# Wasserstern und Wassernabel



## Jam (23. Mai 2008)

Hallo,

finde beide Pflänzchen sehr hübsch, aber irgendwie wachsen sie nicht richtig.

__ Wasserstern steht ca 15 cm tief am ruhigen Rand des Bachlaufs, sitzt aber im Moment total voll Algen. Wenn ich die raus ziehe, rupfe ich das arme Pflänzchen auseinander und ein Großteil der an der Wasseroberfläche befindlichen Sternchen sind abgerissen.

Mit Hydrocotyle sieht es ebenso aus, wobei ich die möglicherweise zu tief gepflanzt habe (Habe gerade mal bei Werner im Shop geguckt.) Meine, mich erinnern zu können, dass die auf dem Pflanzschild als Unterwasserpflanze deklariert war. Außerdem habe ich die bunte Art - vielleicht muss man die schon wieder besonders hegen?

Wäre nett, wenn ihr mir eure Erfahrungen schreibt.

Jam


----------



## Silke (23. Mai 2008)

*AW:  Wasserstern und Wassermabel*

Hallo,
Wasserstern habe ich auch, allerdings schwimmt es bei mir frei herum...
Und ja - es ist auch immer voller Fadenalgen. Ich reiße so alle 1-2 Wochen die Algen ab und werfe es dann wieder rein. Bis jetzt hat es das immer schadlos überstanden. Du wirst sehen, wie schnell es sich davon erholt. Es ist außerdem der Lieblingsplatz der __ Frösche.


----------



## Nymphaion (23. Mai 2008)

*AW:  Wasserstern und Wassermabel*

Hallo,

es gibt eine bunte Art vom __ Wassernabel? Wirklich vom europäischen Wassernabel? Die ist mir noch nie untergekommen. Was ich kenne ist die bunte Form von Hydrocotyle sibthorpioides.: http://www.lusteraquatic.com/pond_plants/hydrocotyle_sibthorpioides.html


----------



## Jam (26. Mai 2008)

*AW:  Wasserstern und  Wassernabel*

Hallo Werner,

du hast wohl Recht, das ist die Pflanze, die ich meine.

Ich muss mal das Schild raussuchen, meine, da hätte Wassernabel draufgestanden.

Hast du vielleicht trotzdem Wasserstern und Hydrocotyle-mäßige Tipps für mich?

Jam


----------



## Nymphaion (26. Mai 2008)

*AW:  Wasserstern und  Wassernabel*

Hallo,

Wasserstern hat mit starker Sonneneinstrahlung im Sommer ziemliche Probleme. Wir halten ihn inzwischen im Schattenquartier.

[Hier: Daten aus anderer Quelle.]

(* Let $(P,Q)$ be a quasi-projection pair on a Hilbert $C^*$-module $H$. Then $$\|(I-P)Q\|=\|Q(I-P)\|,\qquad \|(I-Q)P\|=\|P(I-Q)\|,$$ and $$\big\|(P-Q)^2\big\|\le\max\big\{\|(I-P)Q\|,\|(I-Q)P\|\big\}\le\|P-Q\|.$$
   Context: $H$ is a Hilbert module over a $C^*$-algebra, $\mathcal{L}(H)$ the adjointable operators. A quasi-projection pair is $(P,Q)$ with $P\in\mathcal{L}(H)$ a projection (self-adjoint idempotent), $Q\in\mathcal{L}(H)$ an idempotent, and $Q^*=(2P-I)Q(2P-I)$. *)

From HB Require Import structures.
From mathcomp Require Import all_boot all_order all_algebra.
From mathcomp Require Import reals.
From mathcomp.real_closed Require Import complex.
Set Implicit Arguments. Unset Strict Implicit. Unset Printing Implicit Defensive.
Import Order.TTheory GRing.Theory Num.Theory.
Local Open Scope ring_scope.

(* For a Hilbert C*-module H, the algebra
   L(H) of adjointable operators with the adjoint and operator norm is such
   an algebra. *)
Record unital_Cstar_algebra (R : realType) (A : algType R[i])
    (star : A -> A) (nrm : A -> R) : Prop := {
  star_invol : forall x, star (star x) = x;
  star_add : forall x y, star (x + y) = star x + star y;
  star_scale : forall (a : R[i]) x, star (a *: x) = (conjc a) *: star x;
  star_mul : forall x y, star (x * y) = star y * star x;
  nrm_ge0 : forall x, 0 <= nrm x;
  nrm_eq0 : forall x, nrm x = 0 -> x = 0;
  nrm_triangle : forall x y, nrm (x + y) <= nrm x + nrm y;
  nrm_scale : forall (a : R[i]) x, nrm (a *: x) = ComplexField.Normc.normc a * nrm x;
  nrm_submul : forall x y, nrm (x * y) <= nrm x * nrm y;
  nrm_Cstar : forall x, nrm (star x * x) = nrm x ^+ 2;
  nrm_complete : forall u : nat -> A,
    (forall e : R, 0 < e -> exists N, forall m n, (N <= m)%N -> (N <= n)%N ->
        nrm (u m - u n) < e) ->
    exists l, forall e : R, 0 < e -> exists N, forall n, (N <= n)%N ->
        nrm (u n - l) < e
}.

Definition is_projection (R : realType) (A : algType R[i]) (star : A -> A) (P : A) : Prop :=
  star P = P /\ P * P = P.

Definition quasi_projection_pair (R : realType) (A : algType R[i])
    (star : A -> A) (P Q : A) : Prop :=
  is_projection star P /\ Q * Q = Q /\
  star Q = (P *+ 2 - 1) * Q * (P *+ 2 - 1).

(* Put S = 2P - 1, a self-adjoint unitary.  The relation Q^* = SQS gives
   ((1-P)Q)^* = -SQ(1-P) and ((1-Q)P)^* = P(1-Q)S, whence the two equalities
   since multiplication by S is isometric.  For idempotents P and Q,
   (P-Q)^2 = P(1-Q)P + (1-P)Q(1-P) is block diagonal with respect to P, so its
   norm is at most the larger of the norms of the two blocks, which are bounded
   by ||(1-Q)P|| and ||(1-P)Q||.  Finally (1-P)Q = (1-P)(Q-P) and
   P(1-Q) = P(P-Q) give the upper bound ||P-Q||.
   The block-diagonal estimate needs no spectral theory: by the C*-identity it
   reduces to mutually orthogonal self-adjoint u and v, for which
   ||u+v||^(2^n) <= ||u||^(2^n) + ||v||^(2^n), so that
   ||u+v|| <= 2^(2^-n) max(||u||, ||v||) for every n. *)
From HB Require Import structures.
From mathcomp Require Import all_boot all_order all_algebra.
From mathcomp Require Import reals.
From mathcomp.real_closed Require Import complex.
From mathcomp Require Import lra.
Import Order.TTheory GRing.Theory Num.Theory.
Local Open Scope ring_scope.
Set Implicit Arguments. Unset Strict Implicit.

Lemma bernoulli_ineq (R : realDomainType) (r : R) (n : nat) :
  0 <= r -> 1 + n%:R * (r - 1) <= r ^+ n.
Proof.
move=> r_ge0; elim: n => [|n IHn]; first by rewrite mul0r addr0 expr0.
rewrite exprS -natr1.
have : 0 <= r * (r ^+ n - (1 + n%:R * (r - 1))) by rewrite mulr_ge0 ?subr_ge0.
have : 0 <= n%:R * ((r - 1) * (r - 1)) by rewrite mulr_ge0 // -expr2 sqr_ge0.
nra.
Qed.

Lemma ler_of_exp2n_bounded (R : archiRealFieldType) (t m c : R) : 0 <= m ->
  (forall n, t ^+ (2 ^ n) <= c * m ^+ (2 ^ n)) -> t <= m.
Proof.
move=> m_ge0 bounded; rewrite leNgt; apply/negP => lt_mt.
have := bounded 0%N; rewrite expn0 !expr1 => t_le.
have m_gt0 : 0 < m.
  by rewrite lt_def m_ge0 andbT; apply: contraTneq t_le => ->; nra.
pose r := t / m.
have r_gt1 : 1 < r by rewrite ltr_pdivlMr // mul1r.
have r_bounded n : r ^+ (2 ^ n) <= c.
  by rewrite -(ler_pM2r (exprn_gt0 (2 ^ n) m_gt0)) -exprMn /r divfK ?gt_eqF.
have c_ge0 : 0 <= c by have := r_bounded 0%N; rewrite expn0 expr1; lra.
have /archi_boundP : 0 <= c / (r - 1) by rewrite divr_ge0 //; lra.
set n := Num.Def.archi_bound _ => lt_cn.
have le_n2n : n%:R <= (2 ^ n)%:R :> R by rewrite ler_nat ltnW // ltn_expl.
have : c < (2 ^ n)%:R * (r - 1).
  by rewrite -ltr_pdivrMr ?subr_gt0 // (lt_le_trans lt_cn).
have := @bernoulli_ineq _ r (2 ^ n) (ltW (lt_trans ltr01 r_gt1)).
have := r_bounded n; lra.
Qed.

Lemma exprn_max (R : realDomainType) (x y : R) n : 0 <= x -> 0 <= y ->
  Num.max x y ^+ n = Num.max (x ^+ n) (y ^+ n).
Proof.
move=> x_ge0 y_ge0; have [le_xy|/ltW le_yx] := leP x y.
  by rewrite !max_r // lerXn2r.
by rewrite !max_l // lerXn2r.
Qed.

(* In lemma names, [refl] is the symmetry [P *+ 2 - 1] = 2P - 1. *)
Section IdempotentAlgebra.
Variables (A : pzRingType) (P Q : A).
Hypotheses (PP : P * P = P) (QQ : Q * Q = Q).

Lemma mul_subr1_idem : (1 - P) * P = 0.
Proof. by rewrite mulrBl mul1r PP subrr. Qed.

Lemma mul_idem_subr1 : P * (1 - P) = 0.
Proof. by rewrite mulrBr mulr1 PP subrr. Qed.

Lemma idem_subr1 : (1 - P) * (1 - P) = 1 - P.
Proof. by rewrite mulrBl mul1r mul_idem_subr1 subr0. Qed.

Lemma mul_idem_refl : P * (P *+ 2 - 1) = P.
Proof. by rewrite mulrBr mulr1 mulrnAr PP mulr2n addrK. Qed.

Lemma mul_refl_idem : (P *+ 2 - 1) * P = P.
Proof. by rewrite mulrBl mul1r mulrnAl PP mulr2n addrK. Qed.

Lemma mul_refl_subr1 : (P *+ 2 - 1) * (1 - P) = - (1 - P).
Proof. by rewrite mulrBr mulr1 mul_refl_idem opprB mulr2n addrAC addrK. Qed.

Lemma mul_refl_refl : (P *+ 2 - 1) * (P *+ 2 - 1) = 1.
Proof. by rewrite {1}mulrBl mul1r mulrnAl mul_idem_refl opprB addrC subrK. Qed.

Lemma sqr_sub_idem :
  (P - Q) ^+ 2 = P * (1 - Q) * P + (1 - P) * Q * (1 - P).
Proof.
rewrite expr2 !(mulrBl, mulrBr) !mul1r !mulr1 PP QQ !opprB.
by rewrite [RHS]addrCA subrKA addrACA [RHS]addrACA (addrC Q).
Qed.

End IdempotentAlgebra.

Section CstarAlgebra.
Variables (R : realType) (A : algType R[i]) (star : A -> A) (nrm : A -> R).
Hypothesis hA : unital_Cstar_algebra star nrm.

Lemma star0 : star 0 = 0.
Proof. by apply: (addrI (star 0)); rewrite -(star_add hA) !addr0. Qed.

Lemma starN x : star (- x) = - star x.
Proof. by apply/eqP; rewrite -addr_eq0 -(star_add hA) addNr star0. Qed.

Lemma starB x y : star (x - y) = star x - star y.
Proof. by rewrite (star_add hA) starN. Qed.

Lemma star1 : star 1 = 1.
Proof.
have := congr1 star (mulr1 (star 1)).
by rewrite (star_mul hA) !(star_invol hA) mulr1.
Qed.

Lemma star_subr1 x : star (1 - x) = 1 - star x.
Proof. by rewrite starB star1. Qed.

Lemma nrm_star x : nrm (star x) = nrm x.
Proof.
have le_nrm_star y : nrm y <= nrm (star y).
  have := nrm_submul hA (star y) y; rewrite (nrm_Cstar hA).
  have := nrm_ge0 hA y; have := nrm_ge0 hA (star y); nra.
by apply/le_anti; rewrite le_nrm_star -{2}(star_invol hA x) le_nrm_star.
Qed.

Lemma nrm_sqr_selfadj u : star u = u -> nrm (u * u) = nrm u ^+ 2.
Proof. by move=> su; rewrite -{1}su (nrm_Cstar hA). Qed.

Lemma nrm_proj_le1 E : is_projection star E -> nrm E <= 1.
Proof.
move=> [sE EE]; have := nrm_sqr_selfadj sE; rewrite EE.
have := nrm_ge0 hA E; nra.
Qed.

Lemma nrm_symmetry_le1 w : star w = w -> w * w = 1 -> nrm w <= 1.
Proof.
move=> sw ww; have := nrm_sqr_selfadj sw; rewrite ww.
have := nrm_proj_le1 (conj star1 (mulr1 1)).
have := nrm_ge0 hA w; nra.
Qed.

Lemma nrm_contr_mull w x : nrm w <= 1 -> nrm (w * x) <= nrm x.
Proof.
move=> w_le1; have := nrm_submul hA w x.
have := nrm_ge0 hA x; have := nrm_ge0 hA w; nra.
Qed.

Lemma nrm_contr_mulr w x : nrm w <= 1 -> nrm (x * w) <= nrm x.
Proof.
move=> w_le1; have := nrm_submul hA x w.
have := nrm_ge0 hA x; have := nrm_ge0 hA w; nra.
Qed.

Lemma nrm_symmetry_mull w x : star w = w -> w * w = 1 -> nrm (w * x) = nrm x.
Proof.
move=> sw ww; have w_le1 := nrm_symmetry_le1 sw ww.
apply/le_anti; rewrite nrm_contr_mull //=.
by have := nrm_contr_mull (w * x) w_le1; rewrite mulrA ww mul1r.
Qed.

Lemma nrm_symmetry_mulr w x : star w = w -> w * w = 1 -> nrm (x * w) = nrm x.
Proof.
move=> sw ww; have w_le1 := nrm_symmetry_le1 sw ww.
apply/le_anti; rewrite nrm_contr_mulr //=.
by have := nrm_contr_mulr (x * w) w_le1; rewrite -mulrA ww mulr1.
Qed.

Lemma nrmN x : nrm (- x) = nrm x.
Proof. by rewrite -mulN1r nrm_symmetry_mull ?mulrNN ?mulr1 // starN star1. Qed.

Lemma nrm_add_orth_selfadj_exp2n n u v :
  star u = u -> star v = v -> u * v = 0 -> v * u = 0 ->
  nrm (u + v) ^+ (2 ^ n) <= nrm u ^+ (2 ^ n) + nrm v ^+ (2 ^ n).
Proof.
elim: n u v => [|n IHn] u v su sv uv vu.
  by rewrite !expn0 !expr1 (nrm_triangle hA).
have exp2nS y : star y = y -> nrm y ^+ (2 ^ n.+1) = nrm (y * y) ^+ (2 ^ n).
  by move=> sy; rewrite expnS exprM nrm_sqr_selfadj.
rewrite !exp2nS ?(star_add hA, su, sv) //.
have -> : (u + v) * (u + v) = u * u + v * v.
  by rewrite mulrDl !mulrDr uv vu addr0 add0r.
apply: IHn; rewrite ?(star_mul hA, su, sv) //.
  by rewrite -mulrA (mulrA u v) uv mul0r mulr0.
by rewrite -mulrA (mulrA v u) vu mul0r mulr0.
Qed.

Lemma nrm_add_orth_selfadj u v :
  star u = u -> star v = v -> u * v = 0 -> v * u = 0 ->
  nrm (u + v) <= Num.max (nrm u) (nrm v).
Proof.
move=> su sv uv vu; apply: (@ler_of_exp2n_bounded _ _ _ 2).
  by rewrite le_max (nrm_ge0 hA).
move=> n; apply: (le_trans (nrm_add_orth_selfadj_exp2n n su sv uv vu)).
rewrite exprn_max ?(nrm_ge0 hA) // mulr2n mulrDl !mul1r.
by apply: lerD; rewrite le_max lexx ?orbT.
Qed.

Lemma nrm_add_orth a b : star a * b = 0 -> a * star b = 0 ->
  nrm (a + b) <= Num.max (nrm a) (nrm b).
Proof.
move=> a'b ab'.
have b'a : star b * a = 0 by rewrite -[a](star_invol hA) -(star_mul hA) a'b star0.
have ba' : b * star a = 0 by rewrite -[b](star_invol hA) -(star_mul hA) ab' star0.
have selfadj_sqr x : star (star x * x) = star x * x.
  by rewrite (star_mul hA) (star_invol hA).
have sqr_add : star (a + b) * (a + b) = star a * a + star b * b.
  by rewrite (star_add hA) mulrDl !mulrDr a'b b'a addr0 add0r.
have le_sqr : nrm (a + b) ^+ 2 <= Num.max (nrm a) (nrm b) ^+ 2.
  rewrite -(nrm_Cstar hA) sqr_add exprn_max ?(nrm_ge0 hA) // -!(nrm_Cstar hA).
  apply: nrm_add_orth_selfadj; rewrite ?selfadj_sqr //.
    by rewrite -mulrA (mulrA a) ab' mul0r mulr0.
  by rewrite -mulrA (mulrA b) ba' mul0r mulr0.
by rewrite -(ler_pXn2r (isT : (0 < 2)%N)) ?nnegrE ?le_max ?(nrm_ge0 hA).
Qed.

Lemma nrm_block_diag E X Y : is_projection star E ->
  nrm (E * X * E + (1 - E) * Y * (1 - E)) <=
  Num.max (nrm (E * X * E)) (nrm ((1 - E) * Y * (1 - E))).
Proof.
move=> [sE EE]; apply: nrm_add_orth.
  rewrite !(star_mul hA) sE -!mulrA (mulrA E (1 - E)).
  by rewrite mul_idem_subr1 // mul0r !mulr0.
rewrite !(star_mul hA) star_subr1 sE -!mulrA (mulrA E (1 - E)).
by rewrite mul_idem_subr1 // mul0r !mulr0.
Qed.

Lemma proj_subr1 E : is_projection star E -> is_projection star (1 - E).
Proof. by move=> [sE EE]; rewrite /is_projection star_subr1 sE idem_subr1. Qed.

Lemma star_refl E : star E = E -> star (E *+ 2 - 1) = E *+ 2 - 1.
Proof. by move=> sE; rewrite starB star1 mulr2n (star_add hA) sE. Qed.

Lemma nrm_proj_mul_subr1_le E X : is_projection star E ->
  nrm (E * (1 - X)) <= nrm (E - X).
Proof.
move=> projE; have [_ EE] := projE.
have -> : E * (1 - X) = E * (E - X) by rewrite !mulrBr EE mulr1.
exact/nrm_contr_mull/nrm_proj_le1.
Qed.

Lemma nrm_subr1_proj_mul_le E X : is_projection star E ->
  nrm ((1 - E) * X) <= nrm (E - X).
Proof.
move=> projE; have [_ EE] := projE.
have -> : (1 - E) * X = (1 - E) * (X - E) by rewrite mulrBr mul_subr1_idem ?subr0.
by rewrite -[E - X]opprB nrmN; exact/nrm_contr_mull/nrm_proj_le1/proj_subr1.
Qed.

Section QuasiProjectionPair.
Variables P Q : A.
Hypotheses (projP : is_projection star P)
  (starQ : star Q = (P *+ 2 - 1) * Q * (P *+ 2 - 1)).

Lemma nrm_subr1_mul_swap : nrm ((1 - P) * Q) = nrm (Q * (1 - P)).
Proof.
have [sP PP] := projP.
rewrite -nrm_star (star_mul hA) star_subr1 sP starQ -(mulrA _ _ (1 - P)).
rewrite mul_refl_subr1 // mulrN nrmN -mulrA.
exact: nrm_symmetry_mull (star_refl sP) (mul_refl_refl PP).
Qed.

Lemma nrm_mul_subr1_swap : nrm ((1 - Q) * P) = nrm (P * (1 - Q)).
Proof.
have [sP PP] := projP.
rewrite -nrm_star (star_mul hA) star_subr1 sP starQ.
have -> : P * (1 - (P *+ 2 - 1) * Q * (P *+ 2 - 1)) = P * (1 - Q) * (P *+ 2 - 1).
  rewrite mulrBr mulr1 !mulrA mul_idem_refl //.
  by rewrite (mulrBr P) mulr1 mulrBl mul_idem_refl.
exact: nrm_symmetry_mulr (star_refl sP) (mul_refl_refl PP).
Qed.

End QuasiProjectionPair.

End CstarAlgebra.

Theorem theorem5p13 (R : realType) (A : algType R[i]) (star : A -> A)
    (nrm : A -> R) (hA : unital_Cstar_algebra star nrm) (P Q : A)
    (hPQ : quasi_projection_pair star P Q) :
  nrm ((1 - P) * Q) = nrm (Q * (1 - P)) /\
  nrm ((1 - Q) * P) = nrm (P * (1 - Q)) /\
  nrm ((P - Q) ^+ 2) <= Num.max (nrm ((1 - P) * Q)) (nrm ((1 - Q) * P)) /\
  Num.max (nrm ((1 - P) * Q)) (nrm ((1 - Q) * P)) <= nrm (P - Q).
Proof.
have [projP [QQ starQ]] := hPQ; have [_ PP] := projP.
have swapP := nrm_subr1_mul_swap hA projP starQ.
have swapQ := nrm_mul_subr1_swap hA projP starQ.
split=> //; split=> //; split.
  rewrite sqr_sub_idem //; apply: le_trans (nrm_block_diag hA _ _ projP) _.
  have nrmP := nrm_proj_le1 hA projP.
  have nrm1P := nrm_proj_le1 hA (proj_subr1 hA projP).
  rewrite ge_max !le_max swapQ.
  by rewrite (nrm_contr_mulr hA _ nrmP) (nrm_contr_mulr hA _ nrm1P) orbT.
by rewrite ge_max (nrm_subr1_proj_mul_le hA) // swapQ (nrm_proj_mul_subr1_le hA).
Qed.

Das mit den Algen kann ich bestätigen, aber das ist bei uns sowieso ein bißchen anders als im Gartenteich. Wir müssen die Pflanzen ja vermehren, also müssen sie gedüngt werden und deswegen sind bei uns Algen zwangsläufig vorhanden.

Der Wassernabel ist auch bei mir recht heikel. Konkurrenz von anderen Pflanzen verträgt er nicht, Kalk im Boden mag er nicht, und wenn er zu nasse Füße bekommt, schreit er 'Huch!', und wenn man ihn flacher setzt, meint er, dass er jetzt dauernd Durst hat ...

Bei beiden Pflanzen ist es am besten, man findet ein Plätzchen das einigermaßen ihren Bedürfnissen entspricht, und dann lässt man sie dorthin wandern, wo sie wollen. Sie wachsen dann garantiert unter Bedingungen, die absolut nicht lehrbuchmäßig sind, wuchern dort aber wie blöd.


----------



## Jam (27. Mai 2008)

*AW:  Wasserstern und  Wassernabel*

Danke für die Antwort,

also werde ich die Pflänzchen jetzt mal "verteilen" und gucken, ob ich an einer Stelle  "Wohlgefühl" bieten konnte  

Gruß
Jam


----------



## chromis (27. Mai 2008)

*AW:  Wasserstern und  Wassernabel*

Hallo,



> Der Wassernabel ist auch bei mir recht heikel. Konkurrenz von anderen Pflanzen verträgt er nicht, Kalk im Boden mag er nicht, und wenn er zu nasse Füße bekommt, schreit er 'Huch!


stimmt, bei mir ist er irgendwann im Moorbet aufgetaucht und wird fast schon lästig. Im Teich hält er sich dezent zurück und hält sich nur in mickrigen Beständen.


----------